Recorded information START
Lemma ext_unique_of_aut_centralizer_trivial (phi : H -> G) (p1 p2 : G -> G) :
  aut_centralizer_trivial i -> is_hom phi -> is_hom p1 -> is_hom p2 ->
  (forall h, p1 (i h) = phi h) -> (forall h, p2 (i h) = phi h) -> p1 = p2.
Proof.
  intros C Hphi H1 H2 E1 E2; extensionality x.
  destruct (simple_hom_inj_or_trivial H G phi Hphi simpleH) as [Iphi | Tphi].
  - destruct (aut_inv G _ (ext_aut phi p2 Iphi H2 E2)) as [g [Ag [gK Kg]]].
    assert (Fix : forall y, g (p1 y) = y).
    { apply C; [exact (aut_comp p1 g (ext_aut phi p1 Iphi H1 E1) Ag) |].
      intro h; rewrite E1, <- E2; apply gK. }
    rewrite <- (Fix x) at 2; rewrite Kg; reflexivity.
  - assert (T : forall p, is_hom p -> (forall h, p (i h) = phi h) -> p x = gone).
    { intros p Hp Ep; apply hom_trivial_of_trivial_on_image; auto.
      intro h; rewrite Ep; apply Tphi. }
    rewrite (T p1), (T p2); auto.
Qed.

Lemma aut_transport (phi : H -> G) (beta : G -> G) :
  is_hom phi -> injective phi -> is_aut beta ->
  (forall y, image_pred beta (range phi) y <-> range i y) ->
  exists a, is_aut a /\ forall h, i (a h) = beta (phi h).
Proof.
  intros Hphi Iphi [Hbeta [Ibeta _]] Ebeta.
  destruct (choice (fun h h' => i h' = beta (phi h))) as [a Ea].
  { intro h; apply (Ebeta (beta (phi h))); exists (phi h); split; [exists h |]; reflexivity. }
  exists a; split; [split; [| split] | exact Ea].
  - intros x y; apply i_inj; rewrite i_hom, !Ea, Hphi, Hbeta; reflexivity.
  - intros x y Exy; apply Iphi, Ibeta; rewrite <- !Ea, Exy; reflexivity.
  - intro h'; destruct (proj2 (Ebeta (i h')) (ex_intro _ h' eq_refl)) as [y [[h <-] E]].
    exists h; apply i_inj; rewrite Ea; exact E.
Qed.

Lemma aut_embedding_intertwines (j : (H -> H) -> (G -> G)) :
  (forall a, is_aut a -> is_aut (j a)) ->
  (forall a b, is_aut a -> is_aut b -> j (fun x => a (b x)) = (fun y => j a (j b y))) ->
  (forall h, j (conj h) = conj (i h)) ->
  (forall z : G, center z -> z = gone) ->
  forall a, is_aut a -> forall h, j a (i h) = i (a h).
Proof.
  intros Jaut Jmul Jconj Z a Aa h.
  destruct (Jaut a Aa) as [Hja [_ Sja]].
  assert (a_conj : (fun x => conj (a h) (a x)) = (fun x => a (conj h x))).
  { extensionality x; symmetry; apply (hom_conj (proj1 Aa)). }
  assert (E : (fun y => conj (i (a h)) (j a y)) = (fun y => j a (conj (i h) y))).
  { rewrite <- (Jconj (a h)), <- (Jconj h), <- (Jmul _ _ (conj_aut H (a h)) Aa),
      <- (Jmul _ _ Aa (conj_aut H h)), a_conj; reflexivity. }
  apply conj_inj_of_center_trivial; [exact Z |]; intro y.
  destruct (Sja y) as [x <-]; rewrite <- (hom_conj Hja).
  exact (eq_sym (equal_f E x)).
Qed.

Lemma ext_of_aut_embedding (phi : H -> G) :
  aut_embedding i -> iso_subgroups_conjugate i -> (forall z : G, center z -> z = gone) ->
  is_hom phi -> injective phi ->
  exists psi : G -> G, is_hom psi /\ forall h, psi (i h) = phi h.
Proof.
  intros [j [Jaut [Jmul [_ Jconj]]]] C2 Z Hphi Iphi.
  destruct (C2 (range phi) (range_subgroup H G phi Hphi)) as [beta [Abeta Ebeta]].
  { exists phi; split; [| split]; [exact Hphi | exact Iphi | reflexivity]. }
  destruct (aut_transport phi beta Hphi Iphi Abeta Ebeta) as [a [Aa Ea]].
  destruct (aut_inv G beta Abeta) as [beta' [[Hbeta' _] [betaK _]]].
  exists (fun y => beta' (j a y)); split.
  - apply hom_comp; [apply Jaut, Aa | exact Hbeta'].
  - intro h; rewrite (aut_embedding_intertwines j Jaut Jmul Jconj Z a Aa), Ea, betaK; reflexivity.
Qed.

Lemma ext_exists (phi : H -> G) :
  aut_embedding i -> iso_subgroups_conjugate i -> is_hom phi ->
  exists psi : G -> G, is_hom psi /\ forall h, psi (i h) = phi h.
Proof.
  intros C1 C2 Hphi.
  destruct (simple_hom_inj_or_trivial H G phi Hphi simpleH) as [Iphi | Tphi].
  - destruct (proj2 simpleG _ (center_normal G)) as [Z | Z].
    + exact (ext_of_aut_embedding phi C1 C2 Z Hphi Iphi).
    + exact (ext_of_surjective i phi i_hom i_inj (simple_abelian_surjective Z) Hphi).
  - exists (fun _ => gone); split.
    + intros x y; rewrite gmul1x; reflexivity.
    + intro h; rewrite Tphi; reflexivity.
Qed.

Lemma localization_of_conditions :
  aut_embedding i -> iso_subgroups_conjugate i -> aut_centralizer_trivial i ->
  localization i.
Proof.
  intros C1 C2 C3 phi Hphi.
  destruct (ext_exists phi C1 C2 Hphi) as [psi [Hpsi Epsi]].
  exists psi; split; [exact Hpsi | split; [exact Epsi |]].
  intros psi' Hpsi' Epsi'.
  exact (ext_unique_of_aut_centralizer_trivial phi psi' psi C3 Hphi Hpsi' Hpsi Epsi' Epsi).
Qed.

End Localization.

Theorem theorem2p3 (H G : group) (i : H -> G)
  (i_hom : is_hom i) (i_inj : injective i)
  (simpleH : simple H) (simpleG : simple G) (coG : cohopfian G) :
  localization i <->
  ( (exists j : (H -> H) -> (G -> G),
       (forall a, is_aut a -> is_aut (j a)) /\
       (forall a b, is_aut a -> is_aut b ->
          j (fun x => a (b x)) = (fun y => j a (j b y))) /\
       (forall a b, is_aut a -> is_aut b -> j a = j b -> a = b) /\
       (forall h : H, j (conj h) = conj (i h)))
    /\
    (forall K : G -> Prop, is_subgroup K ->
       (exists f : H -> G, is_hom f /\ injective f /\ (forall y, K y <-> range f y)) ->
       exists beta : G -> G, is_aut beta /\
         (forall y, image_pred beta K y <-> range i y))
    /\
    (forall beta : G -> G, is_aut beta -> (forall h, beta (i h) = i h) ->
       forall x, beta x = x) ).
Proof.
  split.
  - intro L; split; [| split].
    + apply localization_aut_embedding; assumption.
    + apply localization_iso_subgroups_conjugate; assumption.
    + apply (localization_aut_centralizer_trivial H G i); assumption.
  - intros [C1 [C2 C3]]; apply localization_of_conditions; assumption.
Qed.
Recorded information END
▶ Work order
Recopy the whole listing exactly.

▶ The answer
Lemma ext_unique_of_aut_centralizer_trivial (phi : H -> G) (p1 p2 : G -> G) :
  aut_centralizer_trivial i -> is_hom phi -> is_hom p1 -> is_hom p2 ->
  (forall h, p1 (i h) = phi h) -> (forall h, p2 (i h) = phi h) -> p1 = p2.
Proof.
  intros C Hphi H1 H2 E1 E2; extensionality x.
  destruct (simple_hom_inj_or_trivial H G phi Hphi simpleH) as [Iphi | Tphi].
  - destruct (aut_inv G _ (ext_aut phi p2 Iphi H2 E2)) as [g [Ag [gK Kg]]].
    assert (Fix : forall y, g (p1 y) = y).
    { apply C; [exact (aut_comp p1 g (ext_aut phi p1 Iphi H1 E1) Ag) |].
      intro h; rewrite E1, <- E2; apply gK. }
    rewrite <- (Fix x) at 2; rewrite Kg; reflexivity.
  - assert (T : forall p, is_hom p -> (forall h, p (i h) = phi h) -> p x = gone).
    { intros p Hp Ep; apply hom_trivial_of_trivial_on_image; auto.
      intro h; rewrite Ep; apply Tphi. }
    rewrite (T p1), (T p2); auto.
Qed.

Lemma aut_transport (phi : H -> G) (beta : G -> G) :
  is_hom phi -> injective phi -> is_aut beta ->
  (forall y, image_pred beta (range phi) y <-> range i y) ->
  exists a, is_aut a /\ forall h, i (a h) = beta (phi h).
Proof.
  intros Hphi Iphi [Hbeta [Ibeta _]] Ebeta.
  destruct (choice (fun h h' => i h' = beta (phi h))) as [a Ea].
  { intro h; apply (Ebeta (beta (phi h))); exists (phi h); split; [exists h |]; reflexivity. }
  exists a; split; [split; [| split] | exact Ea].
  - intros x y; apply i_inj; rewrite i_hom, !Ea, Hphi, Hbeta; reflexivity.
  - intros x y Exy; apply Iphi, Ibeta; rewrite <- !Ea, Exy; reflexivity.
  - intro h'; destruct (proj2 (Ebeta (i h')) (ex_intro _ h' eq_refl)) as [y [[h <-] E]].
    exists h; apply i_inj; rewrite Ea; exact E.
Qed.

Lemma aut_embedding_intertwines (j : (H -> H) -> (G -> G)) :
  (forall a, is_aut a -> is_aut (j a)) ->
  (forall a b, is_aut a -> is_aut b -> j (fun x => a (b x)) = (fun y => j a (j b y))) ->
  (forall h, j (conj h) = conj (i h)) ->
  (forall z : G, center z -> z = gone) ->
  forall a, is_aut a -> forall h, j a (i h) = i (a h).
Proof.
  intros Jaut Jmul Jconj Z a Aa h.
  destruct (Jaut a Aa) as [Hja [_ Sja]].
  assert (a_conj : (fun x => conj (a h) (a x)) = (fun x => a (conj h x))).
  { extensionality x; symmetry; apply (hom_conj (proj1 Aa)). }
  assert (E : (fun y => conj (i (a h)) (j a y)) = (fun y => j a (conj (i h) y))).
  { rewrite <- (Jconj (a h)), <- (Jconj h), <- (Jmul _ _ (conj_aut H (a h)) Aa),
      <- (Jmul _ _ Aa (conj_aut H h)), a_conj; reflexivity. }
  apply conj_inj_of_center_trivial; [exact Z |]; intro y.
  destruct (Sja y) as [x <-]; rewrite <- (hom_conj Hja).
  exact (eq_sym (equal_f E x)).
Qed.

Lemma ext_of_aut_embedding (phi : H -> G) :
  aut_embedding i -> iso_subgroups_conjugate i -> (forall z : G, center z -> z = gone) ->
  is_hom phi -> injective phi ->
  exists psi : G -> G, is_hom psi /\ forall h, psi (i h) = phi h.
Proof.
  intros [j [Jaut [Jmul [_ Jconj]]]] C2 Z Hphi Iphi.
  destruct (C2 (range phi) (range_subgroup H G phi Hphi)) as [beta [Abeta Ebeta]].
  { exists phi; split; [| split]; [exact Hphi | exact Iphi | reflexivity]. }
  destruct (aut_transport phi beta Hphi Iphi Abeta Ebeta) as [a [Aa Ea]].
  destruct (aut_inv G beta Abeta) as [beta' [[Hbeta' _] [betaK _]]].
  exists (fun y => beta' (j a y)); split.
  - apply hom_comp; [apply Jaut, Aa | exact Hbeta'].
  - intro h; rewrite (aut_embedding_intertwines j Jaut Jmul Jconj Z a Aa), Ea, betaK; reflexivity.
Qed.

Lemma ext_exists (phi : H -> G) :
  aut_embedding i -> iso_subgroups_conjugate i -> is_hom phi ->
  exists psi : G -> G, is_hom psi /\ forall h, psi (i h) = phi h.
Proof.
  intros C1 C2 Hphi.
  destruct (simple_hom_inj_or_trivial H G phi Hphi simpleH) as [Iphi | Tphi].
  - destruct (proj2 simpleG _ (center_normal G)) as [Z | Z].
    + exact (ext_of_aut_embedding phi C1 C2 Z Hphi Iphi).
    + exact (ext_of_surjective i phi i_hom i_inj (simple_abelian_surjective Z) Hphi).
  - exists (fun _ => gone); split.
    + intros x y; rewrite gmul1x; reflexivity.
    + intro h; rewrite Tphi; reflexivity.
Qed.

Lemma localization_of_conditions :
  aut_embedding i -> iso_subgroups_conjugate i -> aut_centralizer_trivial i ->
  localization i.
Proof.
  intros C1 C2 C3 phi Hphi.
  destruct (ext_exists phi C1 C2 Hphi) as [psi [Hpsi Epsi]].
  exists psi; split; [exact Hpsi | split; [exact Epsi |]].
  intros psi' Hpsi' Epsi'.
  exact (ext_unique_of_aut_centralizer_trivial phi psi' psi C3 Hphi Hpsi' Hpsi Epsi' Epsi).
Qed.

End Localization.

Theorem theorem2p3 (H G : group) (i : H -> G)
  (i_hom : is_hom i) (i_inj : injective i)
  (simpleH : simple H) (simpleG : simple G) (coG : cohopfian G) :
  localization i <->
  ( (exists j : (H -> H) -> (G -> G),
       (forall a, is_aut a -> is_aut (j a)) /\
       (forall a b, is_aut a -> is_aut b ->
          j (fun x => a (b x)) = (fun y => j a (j b y))) /\
       (forall a b, is_aut a -> is_aut b -> j a = j b -> a = b) /\
       (forall h : H, j (conj h) = conj (i h)))
    /\
    (forall K : G -> Prop, is_subgroup K ->
       (exists f : H -> G, is_hom f /\ injective f /\ (forall y, K y <-> range f y)) ->
       exists beta : G -> G, is_aut beta /\
         (forall y, image_pred beta K y <-> range i y))
    /\
    (forall beta : G -> G, is_aut beta -> (forall h, beta (i h) = i h) ->
       forall x, beta x = x) ).
Proof.
  split.
  - intro L; split; [| split].
    + apply localization_aut_embedding; assumption.
    + apply localization_iso_subgroups_conjugate; assumption.
    + apply (localization_aut_centralizer_trivial H G i); assumption.
  - intros [C1 [C2 C3]]; apply localization_of_conditions; assumption.
Qed.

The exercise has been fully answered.